C. Food Search Ranking
In order to evaluate the performance of a learning to ranking
model, it is common practice to evaluate the given model in
a real search application setting. In this section, we compare
the performance of the following three models in a real-world
food search ranking setting: (1) Text-Based LSTM, (2) Multi-
Modal CNN and (3) Multi-Modal LSTM. For this experiment,
we used the top 10 food search results from the top 30 most
popular queries. Each food name was assigned a label between
0 and 5, based on the Click-Through-Ratio (CTR) observed in
user search log events; the 0 being completely irrelevant and
the 5 being completely relevant. For every food corresponding
to the given query, all embedded vectors from each model
were computed, and distance between the given query and the
food candidate was measured. All items were ranked in an
ascending order, with respect to its distance to the given query,
and finally Normalized Discounted Cumulative gain (NDCG)
score [32] was computed for each ranked set.
Table V summarizes the NDCG scores for this experiment.

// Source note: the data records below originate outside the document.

Lemma osg_adj_order (x y : gT) : x \in G -> y \in G -> x != 1 -> y != 1 ->
  adj x y -> #[x] = #[y].
Proof.
move=> xG yG x_neq1 y_neq1 /andP[_ /orP[] dv_xy]; apply/eqP.
  by rewrite -dvdn_prime2 ?epoG.
by rewrite eq_sym -dvdn_prime2 ?epoG.
Qed.

Lemma connect_osg_order (W : {set gT}) x z : W \subset G -> 1 \notin W ->
  connect (induced adj W) x z -> #[x] = #[z].
Proof.
move=> sWG W1 conn_xz.
have same_order : closed (induced adj W) [pred u | #[u] == #[x]].
  move=> u v /and3P[uW vW uv] /=; congr (_ == _).
  have notin1 w : w \in W -> w != 1 by move=> wW; apply: contraNneq W1 => <-.
  by apply: osg_adj_order; rewrite ?notin1 ?(subsetP sWG).
have := closed_connect same_order conn_xz.
by rewrite !inE /= eqxx => /esym/eqP.
Qed.

Lemma component_has_cycle_elements (W : {set gT}) z : W \subset G -> 1 \notin W ->
  has_cycle_in adj (component adj W z) -> 2 < #|elements_of_order G #[z]|.
Proof.
move=> sWG W1 [[|a [|b [|c s]]] [/and3P[size_c uniq_c _] sub_c]] //.
have inE_z u : u \in [:: a, b, c & s] -> u \in elements_of_order G #[z].
  move/sub_c; rewrite !inE => /andP[uW conn_zu].
  by rewrite (subsetP sWG) //= (connect_osg_order sWG W1 conn_zu).
move: uniq_c; rewrite /= !inE !negb_or => /and3P[/and3P[ab ac _] /andP[bc _] _].
apply/card_gt2P; exists a, b, c; split; last by rewrite ab bc eq_sym ac.
by rewrite !inE_z // !inE eqxx ?orbT.
Qed.

Theorem cyclically_separable_osgP : cyclically_separable adj G <->
  exists p q, [/\ p != q, 2 < #|elements_of_order G p| & 2 < #|elements_of_order G q|].
Proof.
split=> [[S [x [y [xW yW nxy cyc_x cyc_y]]]] | [p [q [neq_pq gt2p gt2q]]]].
  have sWG : G :\: S \subset G := subsetDl G S.
  have W1 := disconnected_notin1 xW yW nxy.
  exists #[x], #[y]; rewrite !(component_has_cycle_elements sWG W1) //; split=> //.
  apply: contra nxy => /eqP oxy; have [-> | xy] := eqVneq x y; first exact: connect0.
  by apply: connect1; rewrite /induced xW yW osg_adj_eq_order.
have [a aE] : exists a, a \in elements_of_order G p by apply/card_gt0P/ltnW/ltnW.
have [b bE] : exists b, b \in elements_of_order G q by apply/card_gt0P/ltnW/ltnW.
have [pp pq] := (elements_of_order_prime epoG (ltnW gt2p),
                       elements_of_order_prime epoG (ltnW gt2q)).
have sub_a := elements_of_order_sub_component pp aE.
have sub_b := elements_of_order_sub_component pq bE.
have [aW bW] : a \in G :\ 1 /\ b \in G :\ 1.
  move: (subsetP sub_a a aE) (subsetP sub_b b bE).
  by rewrite !inE => /andP[-> _] /andP[-> _].
exists [set 1], a, b; split=> //.
- apply: contra neq_pq => /(connect_osg_order (subsetDl G _)); rewrite setD11 => /(_ isT).
  by move: aE bE; rewrite !inE => /andP[_ /eqP<-] /andP[_ /eqP<-] ->.
- exact: has_cycle_inS sub_a (elements_of_order_has_cycle gt2p).
- exact: has_cycle_inS sub_b (elements_of_order_has_cycle gt2q).
Qed.

End OrderSupergraph.

Lemma two_primes_cases (n : nat) (A : nat -> Prop) :
  (forall p, A p -> prime p) -> (forall p, prime p -> 5 <= p -> A p <-> p %| n) ->
  (exists p q, [/\ p != q, A p & A q]) <->
  (exists p q, [/\ prime p, prime q, 5 <= q, q < p & p * q %| n]) \/
  (let c1 := exists p, [/\ prime p, 5 <= p & p %| n] in
   (c1 /\ A 3) \/ (c1 /\ A 2) \/ (A 3 /\ A 2)).
Proof.
move=> A_prime A_big; cbv zeta.
have A_cases r : A r -> [\/ [/\ prime r, 5 <= r & r %| n], r = 3 | r = 2].
  move=> Ar; have pr := A_prime r Ar.
  have [r_ge5 | r_lt5] := leqP 5 r; first by constructor 1; split=> //; apply/A_big.
  by move: pr r_lt5; case: r {Ar} => [|[|[|[|[|]]]]] //; constructor.
have dvd_mul r s : prime r -> prime s -> r != s -> r %| n -> s %| n -> r * s %| n.
  by move=> pr ps rs rn sn; rewrite Gauss_dvd ?rn // prime_coprime // dvdn_prime2.
split=> [[p [q [neq_pq Ap Aq]]] | ].
  case: (A_cases p Ap) => [[pp p5 pn] | p3 | p2];
    case: (A_cases q Aq) => [[pq q5 qn] | q3 | q2]; subst => //.
  - left; have [lt_pq | lt_qp | eq_pq] := ltngtP p q.
    + by exists q, p; rewrite dvd_mul // eq_sym.
    + by exists p, q; rewrite dvd_mul.
    + by rewrite eq_pq eqxx in neq_pq.
  - by right; left; split=> //; exists p.
  - by right; right; left; split=> //; exists p.
  - by right; left; split=> //; exists q.
  - by right; right; right.
  - by right; right; left; split=> //; exists q.
  - by right; right; right.
case=> [[p [q [pp pq q5 qp pqn]]] |
        [[[p [pp p5 pn]] A3] | [[[p [pp p5 pn]] A2] | [A3 A2]]]].
- exists p, q; rewrite gtn_eqF //; split=> //; apply/A_big => //.
  + exact: leq_trans (ltnW qp).
  + exact: dvdn_trans (dvdn_mulr _ _) pqn.
  + exact: dvdn_trans (dvdn_mull _ _) pqn.
- by exists p, 3; rewrite gtn_eqF ?(ltnW p5) //; split=> //; apply/A_big.
- by exists p, 2; rewrite gtn_eqF ?(ltn_trans _ p5) //; split=> //; apply/A_big.
- by exists 3, 2.
Qed.

Theorem mainTheorem4 (gT : finGroupType) (G : {group gT}) :
  EPO G ->
  (cyclically_separable (@osg_adj gT) G <->
   ((exists p q : nat, [/\ prime p, prime q, 5 <= q, q < p & p * q %| #|G|]) \/
    (let c1 := exists p : nat, [/\ prime p, 5 <= p & p %| #|G|] in
     let c2 := (3 %| #|G|) /\ bad_sylow G 3 in
     let c3 := (2 %| #|G|) /\ bad_sylow G 2 in
     (c1 /\ c2) \/ (c1 /\ c3) \/ (c2 /\ c3)))).
Proof.
move=> epoG.
have A_prime p : 2 < #|elements_of_order G p| -> prime p.
  by move/ltnW; apply: elements_of_order_prime.
have A_big p : prime p -> 5 <= p -> 2 < #|elements_of_order G p| <-> p %| #|G|.
  move=> pp p5; split; last exact: elements_of_order_large_prime (ltnW p5).
  by move/ltnW/ltnW; apply: elements_of_order_dvdG.
have := bad_sylow_elements_of_order epoG (or_intror erefl).
have := bad_sylow_elements_of_order epoG (or_introl erefl).
have := two_primes_cases A_prime A_big.
have := cyclically_separable_osgP epoG.
cbv zeta; tauto.
Qed.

Even for some challenging queries like “salt” and “white
flour,” it is evident that across all cases our proposed Multi-
Modal LSTM approach performs the best among all three
competing models. Furthermore, the rightmost column contains
the average NDCG score computed over all 30 queries, which
shows that the Multi-Modal LSTM model as the winner, once
again. This experiment further proves that our proposed model
works very well even for real-world food search applications.
V. CONCLUSION
In this paper a deep learning model is proposed to address
the pairwise multi-modal ranking problem. The main novelty of
the proposed approach is the extension of the standard triplets
hinge loss function to a multi-modal scenario. We applied
LSTM models in order to effectively embed the text inputs
into numerical feature vectors and then supplemented these
features with an additional modality of nutrition. The entire
model parameters are all trained at once, without extensive pre-
processing steps to compute the word embeddings. Although,
the proposed model is designed to address the problem of
foods ranking with text and nutrition, it can be readily applied
to other data types, with any arbitrary number of modalities.